This thread was aimed at the RAP MUSIC FANS. If you dislike rap music so much, why did you even click on my post? just to HATE. 

This thread should have been just like every other thread. If you Ain't got something nice to say, then shut your mouth!

I would never come on IAP and smash on country music. I can't stand country music but i don't hate on what other people like. If someone came on here talking about Clint Black, i would say "Good for you", and leave it at that. 

Totally uncool. 


The Drizzle part was funny tho!


----------



## RAdams (Dec 8, 2009)

So i am the bad guy for posting something that i think some of my fellow younger turners might be interested in because some people instantly started flaming and i stuck up for my choice in music? 

If this were about religion, and i said i had the Pope's autograph and people started flaming "Pope rhymes with Dope" then they would get slammed i am sure. But because my topic of choice is rap, it's ok to dog my thread? 

My comment about people shutting their muoths was a referance to a lesson that ALL of our mommies and daddies should have taught us when we were about 5 or 6. I have been in my fair share of heated discussions on this forum. So much so that i know for a fact i have made enemies, and some people have blocked sight of all my threads and posts. I have recently been reminded of that rule myself, and try very hard not to be ignorant to people. At the same time, I refuse to let people bash something that i am passionate about. 

If you want to post to my thread ADDRESSED to rap music fans, then say you don't like rap music, or dont understand it or whatever, and move on. Don't tell me how it isn't even music, and it rymes with crap for a reason, and etch a sketch is more artistic than rap. THAT IS HATING.


----------



## RAdams (Dec 8, 2009)

newlondon88 said:


> i've never been a fan of rap.. I read somewhere:
> 
> Rap is to music what the
> etch-a-sketch is to art :tongue:


 





hatin'...

 You coulda stopped after saying that you are not a fan of rap and all would be cool. But instead, you had to add something snappy you read once. At that point, you stopped being a non rap fan, and became a rap hater.


----------



## rjwolfe3 (Dec 8, 2009)

Ron, don't let em get to you. People fear what they don't understand. I have yet to find a music style I didn't like (even Polka). I have as much rap as I do country and enjoy both. I also have lot of classical and rock. To me it's just another music style to be enjoyed.


----------



## dexter0606 (Dec 8, 2009)

Wow 
Those will be worth a small fortune someday.
I could send you my autograph. LOL

Jeff


----------



## jasontg99 (Dec 8, 2009)

RAdams said:


> So i am the bad guy for posting something that i think some of my fellow younger turners might be interested in because some people instantly started flaming and i stuck up for my choice in music?
> 
> If this were about religion, and i said i had the Pope's autograph and people started flaming "Pope rhymes with Dope" then they would get slammed i am sure. But because my topic of choice is rap, it's ok to dog my thread?
> 
> ...


 
It was a joke.  Calm down.  Don't get your diapers in a wad (again a joke in case you can't pick up on the sarcasm).


----------



## rjwolfe3 (Dec 8, 2009)

> It was a joke.  Calm down.  Don't get your diapers in a wad (again a joke in case you can't pick up on the sarcasm).

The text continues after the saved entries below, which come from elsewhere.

(* Let $\mathcal{K}$ be an amenable closed convex cone in a finite-dimensional Euclidean space and let $P$ be a polyhedral set. Then $\mathcal{K}\cap P$ is an amenable convex set. In particular, if $\mathcal{K}$ is pointed, then $\mathcal{K}=\operatorname{cone}C$ for some compact amenable convex set $C$ (a slice of $\mathcal{K}$).
   Context: $\operatorname{cone}C=\{\lambda x: x\in C,\lambda\ge0\}$. Pointed means $\mathcal{K}\cap(-\mathcal{K})=\{0\}$. A face of a closed convex set $C$ is a closed convex subset $F\subseteq C$ such that whenever $x,y\in C$ and $\alpha x+(1-\alpha)y\in F$ for some $\alpha\in(0,1)$, then $x,y\in F$. A face $F$ of $C$ is amenable if for every bounded set $B$ there exists $\kappa>0$ such that $\operatorname{dist}(x,F)\le\kappa\operatorname{dist}(x,C)$ for all $x\in(\operatorname{aff}F)\cap B$; $C$ is amenable if all its faces are amenable. *)

From HB Require Import structures.
From mathcomp Require Import all_boot all_order all_algebra.
From mathcomp Require Import all_classical all_reals all_analysis.
Set Implicit Arguments.
Unset Strict Implicit.
Unset Printing Implicit Defensive.
Import Order.TTheory GRing.Theory Num.Theory.
Import numFieldNormedType.Exports.
Local Open Scope classical_set_scope.
Local Open Scope ring_scope.

Section Defs.
Variables (R : realType) (n : nat).
Notation V := 'rV[R]_n.

Definition enorm (x : V) : R := Num.sqrt (\sum_(i < n) x ord0 i ^+ 2).

Definition edist (x : V) (C : set V) : R := inf [set enorm (x - y) | y in C].

Definition ebounded (B : set V) : Prop :=
  exists M : R, forall x, B x -> enorm x <= M.

Definition convex_set_of (C : set V) : Prop :=
  forall x y (t : R), C x -> C y -> 0 <= t -> t <= 1 ->
    C (t *: x + (1 - t) *: y).

Definition aff (F : set V) : set V :=
  [set z | exists (m : nat) (v : 'I_m -> V) (w : 'I_m -> R),
     (forall i, F (v i)) /\ \sum_(i < m) w i = 1 /\
     z = \sum_(i < m) w i *: v i].

Definition is_face (C F : set V) : Prop :=
  closed F /\ convex_set_of F /\ F `<=` C /\
  forall x y (a : R), C x -> C y -> 0 < a -> a < 1 ->
    F (a *: x + (1 - a) *: y) -> F x /\ F y.

Definition amenable_face (C F : set V) : Prop :=
  forall B : set V, ebounded B ->
    exists kappa : R, 0 < kappa /\
      forall x, aff F x -> B x -> edist x F <= kappa * edist x C.

Definition amenable (C : set V) : Prop :=
  forall F, is_face C F -> amenable_face C F.

Definition closed_convex_cone (K : set V) : Prop :=
  closed K /\ convex_set_of K /\
  forall x (l : R), K x -> 0 <= l -> K (l *: x).

Definition pointed (K : set V) : Prop :=
  K `&` [set x | K (- x)] = [set 0].

Definition polyhedral (P : set V) : Prop :=
  exists (m : nat) (A : 'M[R]_(n, m)) (b : 'rV[R]_m),
    P = [set x | forall i : 'I_m, (x *m A) ord0 i <= b ord0 i].

Definition cone_of (C : set V) : set V :=
  [set z | exists x (l : R), C x /\ 0 <= l /\ z = l *: x].

End Defs.

(* It suffices to cut an amenable closed convex set C by a single half-space
   H = {y | lform a y <= b}, and to induct on the inequalities defining P.
   Amenability of a face F of C ∩ H amounts to a Lipschitz error bound: every
   bounded x of aff F is within O(|x - y|) of F, for every y of C ∩ H.  Let p be
   a relative interior point of F and G the smallest face of C containing p.  As
   G is an amenable face of C, x is within O(|x - y|) of some g in G.
   If lform a p < b, every point of G ∩ H lies in F, and a g outside H is slid
   towards p onto the hyperplane lform a = b, moving by O(lform a g - b), that is
   O(|x - y|).  If lform a p = b, F lies on the hyperplane, the points of G on
   the hyperplane lie in F, and g is slid onto the hyperplane towards a point of
   G strictly on the other side; when there is none, G lies on one side of the
   hyperplane, F is a face of C and the amenability of C applies directly. *)

From Pilot Require Import Defs.
From HB Require Import structures.
From mathcomp Require Import all_boot all_order all_algebra.
From mathcomp Require Import all_classical all_reals all_analysis.
From mathcomp Require Import ring lra.
Import Order.TTheory GRing.Theory Num.Theory.
Import numFieldNormedType.Exports.
Set Implicit Arguments.
Unset Strict Implicit.
Unset Printing Implicit Defensive.
Local Open Scope classical_set_scope.
Local Open Scope ring_scope.

Ltac mx_field := apply/rowP => ?; rewrite !mxE; field.

Section RowNorms.
Variables (R : realType) (n : nat).
Implicit Types x : 'rV[R]_n.

Lemma coord_le_norm x i : `|x ord0 i| <= `|x|.
Proof.
by rewrite [leRHS]/Num.Def.normr /= mx_normrE; apply/bigmax_geP; right; exists (ord0, i).
Qed.

Lemma enorm_ge0 x : 0 <= enorm x.
Proof. exact: sqrtr_ge0. Qed.

Lemma norm_le_enorm x : `|x| <= enorm x.
Proof.
rewrite [leLHS]/Num.Def.normr /= mx_normrE; apply/bigmax_leP; split=> [|[i j] _ /=].
  exact: enorm_ge0.
rewrite ord1 /enorm -sqrtr_sqr ler_sqrt ?sumr_ge0 // => [|k _]; last exact: sqr_ge0.
by rewrite (bigD1 j) //= lerDl sumr_ge0 // => k _; rewrite sqr_ge0.
Qed.

Lemma enorm_le_norm x : enorm x <= n%:R * `|x|.
Proof.
rewrite /enorm -[leRHS]ger0_norm ?mulr_ge0 // -sqrtr_sqr ler_sqrt ?sqr_ge0 //.
have sq_le i : x ord0 i ^+ 2 <= `|x| ^+ 2.
  by rewrite -real_normK ?num_real // lerXn2r ?nnegrE ?coord_le_norm.
apply: le_trans (ler_sum _ (fun i _ => sq_le i)) _.
rewrite sumr_const card_ord exprMn -[_ *+ n]mulr_natl ler_wpM2r ?sqr_ge0 //.
by rewrite -natrX ler_nat; case: n => // k; rewrite expnS leq_pmulr.
Qed.

Lemma norm_le_coords x c : 0 <= c -> (forall i, `|x ord0 i| <= c) -> `|x| <= c.
Proof.
move=> c0 hc; rewrite [leLHS]/Num.Def.normr /= mx_normrE.
by apply/bigmax_leP; split => // -[i j] _; rewrite ord1; exact: hc.
Qed.

End RowNorms.

Section LinearForms.
Variables (R : realType) (n : nat).
Notation V := 'rV[R]_n.
Implicit Types (a : 'cV[R]_n) (x y : V).

Definition lform a y : R := (y *m a) ord0 ord0.

Lemma lformD a x y : lform a (x + y) = lform a x + lform a y.
Proof. by rewrite /lform mulmxDl mxE. Qed.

Learn some tolerance. Wait that was sarcasm, get it?


----------



## RAdams (Dec 8, 2009)

You know, I have been thinking about this thread, and i must say some things. 

If all i heard was the dribble that is played on the radio today, I would probably agree with the sentiment of rap is junk. Alot of the rap music today is junk. But dogging the entire industry is a form of racism. 

If you just had the written lyrics to a bunch of rap songs, you would say some of them were beautiful poems, but put over a beat and it all changes. If you have a heart, I could find a rap song that you could connect to, no matter your age or background. Granted, you may not care for it over a beat, but if i handed you the written lyrics, you would connect. 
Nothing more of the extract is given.